What to do
Within the entries below, the lines from the one with "nat)) : Prop" through the one with "subrel (adjS T) (connect (adjS (T :\ [set" are to be set down exactly, both ends kept.

◇ ◇ ◇ ◇ ◇

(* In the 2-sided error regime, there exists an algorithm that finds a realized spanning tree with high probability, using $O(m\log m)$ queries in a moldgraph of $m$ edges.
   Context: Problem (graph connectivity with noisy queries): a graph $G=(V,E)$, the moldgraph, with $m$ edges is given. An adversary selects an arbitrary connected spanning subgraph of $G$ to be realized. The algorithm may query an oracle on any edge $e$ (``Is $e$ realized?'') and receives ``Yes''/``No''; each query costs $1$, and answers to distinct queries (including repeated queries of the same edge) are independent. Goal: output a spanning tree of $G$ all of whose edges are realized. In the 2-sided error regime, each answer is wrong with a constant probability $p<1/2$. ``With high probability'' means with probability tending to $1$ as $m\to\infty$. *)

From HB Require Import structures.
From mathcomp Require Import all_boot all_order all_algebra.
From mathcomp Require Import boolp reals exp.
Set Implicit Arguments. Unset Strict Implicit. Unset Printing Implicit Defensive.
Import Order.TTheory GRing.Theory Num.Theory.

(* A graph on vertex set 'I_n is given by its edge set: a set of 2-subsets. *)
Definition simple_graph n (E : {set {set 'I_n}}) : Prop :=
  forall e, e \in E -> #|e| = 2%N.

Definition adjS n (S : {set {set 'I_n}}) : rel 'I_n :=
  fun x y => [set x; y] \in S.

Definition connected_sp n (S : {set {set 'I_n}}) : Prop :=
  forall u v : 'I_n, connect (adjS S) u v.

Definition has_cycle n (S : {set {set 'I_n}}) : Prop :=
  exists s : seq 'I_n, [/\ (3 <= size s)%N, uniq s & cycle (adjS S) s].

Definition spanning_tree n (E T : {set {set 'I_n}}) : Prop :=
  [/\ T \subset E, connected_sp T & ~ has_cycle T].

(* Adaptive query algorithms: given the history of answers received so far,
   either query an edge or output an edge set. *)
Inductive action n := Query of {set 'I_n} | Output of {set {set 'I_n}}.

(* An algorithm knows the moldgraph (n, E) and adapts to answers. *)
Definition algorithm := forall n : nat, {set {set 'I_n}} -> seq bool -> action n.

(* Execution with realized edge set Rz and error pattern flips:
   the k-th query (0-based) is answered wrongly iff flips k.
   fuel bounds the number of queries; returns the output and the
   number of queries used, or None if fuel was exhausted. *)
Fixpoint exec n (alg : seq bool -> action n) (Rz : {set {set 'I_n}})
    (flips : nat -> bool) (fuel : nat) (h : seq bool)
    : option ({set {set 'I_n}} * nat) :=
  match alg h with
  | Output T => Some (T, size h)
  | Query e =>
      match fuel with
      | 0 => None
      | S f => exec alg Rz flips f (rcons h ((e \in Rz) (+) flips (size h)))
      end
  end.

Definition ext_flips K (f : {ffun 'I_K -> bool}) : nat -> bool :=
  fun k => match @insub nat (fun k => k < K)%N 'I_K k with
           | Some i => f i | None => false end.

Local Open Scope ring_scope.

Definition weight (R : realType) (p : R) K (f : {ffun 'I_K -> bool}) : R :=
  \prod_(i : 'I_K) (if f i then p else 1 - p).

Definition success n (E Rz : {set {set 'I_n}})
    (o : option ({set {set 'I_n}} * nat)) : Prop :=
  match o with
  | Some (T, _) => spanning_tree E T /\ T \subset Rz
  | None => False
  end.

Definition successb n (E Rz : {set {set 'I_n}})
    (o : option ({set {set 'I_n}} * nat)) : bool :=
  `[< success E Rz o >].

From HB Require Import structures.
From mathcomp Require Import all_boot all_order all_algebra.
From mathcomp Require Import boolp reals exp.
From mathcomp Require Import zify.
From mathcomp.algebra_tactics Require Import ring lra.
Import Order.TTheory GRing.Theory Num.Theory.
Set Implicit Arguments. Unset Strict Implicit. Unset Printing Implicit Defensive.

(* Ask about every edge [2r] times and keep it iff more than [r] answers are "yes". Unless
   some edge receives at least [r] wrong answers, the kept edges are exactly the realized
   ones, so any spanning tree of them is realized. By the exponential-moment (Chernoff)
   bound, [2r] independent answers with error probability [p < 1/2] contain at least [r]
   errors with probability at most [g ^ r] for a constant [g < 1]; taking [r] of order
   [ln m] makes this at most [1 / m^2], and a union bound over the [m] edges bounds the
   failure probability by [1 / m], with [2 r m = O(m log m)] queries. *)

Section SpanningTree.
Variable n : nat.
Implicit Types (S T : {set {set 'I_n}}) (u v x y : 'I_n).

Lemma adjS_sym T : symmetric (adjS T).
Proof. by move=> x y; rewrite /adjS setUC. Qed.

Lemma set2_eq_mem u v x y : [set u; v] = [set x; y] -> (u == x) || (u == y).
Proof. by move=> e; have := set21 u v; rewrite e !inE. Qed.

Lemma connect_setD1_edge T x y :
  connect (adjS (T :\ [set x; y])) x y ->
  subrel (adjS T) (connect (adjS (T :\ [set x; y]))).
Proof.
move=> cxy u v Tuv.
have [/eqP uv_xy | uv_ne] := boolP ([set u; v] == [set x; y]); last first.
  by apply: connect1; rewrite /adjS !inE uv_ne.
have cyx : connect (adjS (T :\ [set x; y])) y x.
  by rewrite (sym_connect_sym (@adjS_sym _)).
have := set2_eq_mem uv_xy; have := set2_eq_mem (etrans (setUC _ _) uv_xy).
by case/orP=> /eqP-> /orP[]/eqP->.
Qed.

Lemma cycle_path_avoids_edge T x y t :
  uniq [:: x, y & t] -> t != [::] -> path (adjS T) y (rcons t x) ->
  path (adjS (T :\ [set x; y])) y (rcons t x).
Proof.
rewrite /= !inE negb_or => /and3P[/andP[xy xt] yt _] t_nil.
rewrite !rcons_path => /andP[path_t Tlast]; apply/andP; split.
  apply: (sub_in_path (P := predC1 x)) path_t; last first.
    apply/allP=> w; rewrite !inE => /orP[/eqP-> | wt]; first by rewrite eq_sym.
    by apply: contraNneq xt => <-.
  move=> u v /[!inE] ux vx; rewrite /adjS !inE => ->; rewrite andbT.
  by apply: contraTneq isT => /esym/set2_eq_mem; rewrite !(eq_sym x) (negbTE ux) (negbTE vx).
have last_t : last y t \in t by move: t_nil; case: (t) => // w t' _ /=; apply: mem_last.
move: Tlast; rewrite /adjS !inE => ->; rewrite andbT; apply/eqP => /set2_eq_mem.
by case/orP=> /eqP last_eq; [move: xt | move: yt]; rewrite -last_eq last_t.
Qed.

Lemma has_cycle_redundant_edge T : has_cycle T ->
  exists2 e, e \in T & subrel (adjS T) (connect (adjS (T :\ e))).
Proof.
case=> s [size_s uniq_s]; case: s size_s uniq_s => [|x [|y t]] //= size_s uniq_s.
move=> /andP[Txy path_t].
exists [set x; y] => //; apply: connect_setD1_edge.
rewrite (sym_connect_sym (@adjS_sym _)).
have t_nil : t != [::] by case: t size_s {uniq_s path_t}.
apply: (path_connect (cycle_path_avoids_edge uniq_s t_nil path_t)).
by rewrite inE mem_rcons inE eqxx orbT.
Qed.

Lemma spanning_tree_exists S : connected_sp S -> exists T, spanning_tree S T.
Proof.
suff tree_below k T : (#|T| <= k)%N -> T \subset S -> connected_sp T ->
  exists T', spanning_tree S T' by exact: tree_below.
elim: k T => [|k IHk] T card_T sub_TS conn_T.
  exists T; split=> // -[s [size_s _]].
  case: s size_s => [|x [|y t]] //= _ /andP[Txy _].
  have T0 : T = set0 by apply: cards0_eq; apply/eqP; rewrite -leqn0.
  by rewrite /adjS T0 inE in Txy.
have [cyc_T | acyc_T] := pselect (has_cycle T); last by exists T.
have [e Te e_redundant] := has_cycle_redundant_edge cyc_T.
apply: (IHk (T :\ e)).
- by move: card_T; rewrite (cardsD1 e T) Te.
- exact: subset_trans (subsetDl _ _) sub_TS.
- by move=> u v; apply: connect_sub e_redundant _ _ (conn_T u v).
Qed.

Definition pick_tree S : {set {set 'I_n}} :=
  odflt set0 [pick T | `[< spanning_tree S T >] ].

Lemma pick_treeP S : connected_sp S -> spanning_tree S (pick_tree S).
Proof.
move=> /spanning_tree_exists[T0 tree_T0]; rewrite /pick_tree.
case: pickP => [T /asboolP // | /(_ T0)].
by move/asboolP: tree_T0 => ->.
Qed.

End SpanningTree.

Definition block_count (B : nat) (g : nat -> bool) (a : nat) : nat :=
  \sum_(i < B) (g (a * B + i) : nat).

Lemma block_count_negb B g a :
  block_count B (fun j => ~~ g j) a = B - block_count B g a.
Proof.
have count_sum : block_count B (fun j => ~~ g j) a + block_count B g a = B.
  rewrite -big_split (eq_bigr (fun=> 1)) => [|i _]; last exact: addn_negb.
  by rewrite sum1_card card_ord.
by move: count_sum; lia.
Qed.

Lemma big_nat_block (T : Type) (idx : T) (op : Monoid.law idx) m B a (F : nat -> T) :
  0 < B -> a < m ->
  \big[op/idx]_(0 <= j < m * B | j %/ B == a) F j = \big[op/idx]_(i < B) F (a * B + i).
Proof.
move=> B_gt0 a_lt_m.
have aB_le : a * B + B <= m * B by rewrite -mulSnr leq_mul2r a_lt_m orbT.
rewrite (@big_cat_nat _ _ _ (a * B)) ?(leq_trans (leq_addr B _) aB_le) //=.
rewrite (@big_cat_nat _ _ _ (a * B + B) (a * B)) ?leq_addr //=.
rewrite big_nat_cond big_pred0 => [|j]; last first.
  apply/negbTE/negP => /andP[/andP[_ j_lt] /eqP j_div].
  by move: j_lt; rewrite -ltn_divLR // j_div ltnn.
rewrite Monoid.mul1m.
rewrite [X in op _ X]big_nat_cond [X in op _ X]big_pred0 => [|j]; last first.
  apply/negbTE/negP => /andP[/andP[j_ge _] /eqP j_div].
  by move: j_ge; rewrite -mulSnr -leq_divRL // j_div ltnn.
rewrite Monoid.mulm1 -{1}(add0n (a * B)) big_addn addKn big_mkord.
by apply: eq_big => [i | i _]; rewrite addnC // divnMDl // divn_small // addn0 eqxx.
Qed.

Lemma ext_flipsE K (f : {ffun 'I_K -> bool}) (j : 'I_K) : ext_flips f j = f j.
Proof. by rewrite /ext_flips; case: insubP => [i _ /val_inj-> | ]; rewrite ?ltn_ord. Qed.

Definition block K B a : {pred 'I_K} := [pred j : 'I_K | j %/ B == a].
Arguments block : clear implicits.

◇ ◇ ◇ ◇ ◇

Response to the exercise
    (o : option ({set {set 'I_n}} * nat)) : Prop :=
  match o with
  | Some (T, _) => spanning_tree E T /\ T \subset Rz
  | None => False
  end.

Definition successb n (E Rz : {set {set 'I_n}})
    (o : option ({set {set 'I_n}} * nat)) : bool :=
  `[< success E Rz o >].

From HB Require Import structures.
From mathcomp Require Import all_boot all_order all_algebra.
From mathcomp Require Import boolp reals exp.
From mathcomp Require Import zify.
From mathcomp.algebra_tactics Require Import ring lra.
Import Order.TTheory GRing.Theory Num.Theory.
Set Implicit Arguments. Unset Strict Implicit. Unset Printing Implicit Defensive.

(* Ask about every edge [2r] times and keep it iff more than [r] answers are "yes". Unless
   some edge receives at least [r] wrong answers, the kept edges are exactly the realized
   ones, so any spanning tree of them is realized. By the exponential-moment (Chernoff)
   bound, [2r] independent answers with error probability [p < 1/2] contain at least [r]
   errors with probability at most [g ^ r] for a constant [g < 1]; taking [r] of order
   [ln m] makes this at most [1 / m^2], and a union bound over the [m] edges bounds the
   failure probability by [1 / m], with [2 r m = O(m log m)] queries. *)

Section SpanningTree.
Variable n : nat.
Implicit Types (S T : {set {set 'I_n}}) (u v x y : 'I_n).

Lemma adjS_sym T : symmetric (adjS T).
Proof. by move=> x y; rewrite /adjS setUC. Qed.

Lemma set2_eq_mem u v x y : [set u; v] = [set x; y] -> (u == x) || (u == y).
Proof. by move=> e; have := set21 u v; rewrite e !inE. Qed.

Lemma connect_setD1_edge T x y :
  connect (adjS (T :\ [set x; y])) x y ->
  subrel (adjS T) (connect (adjS (T :\ [set x; y]))).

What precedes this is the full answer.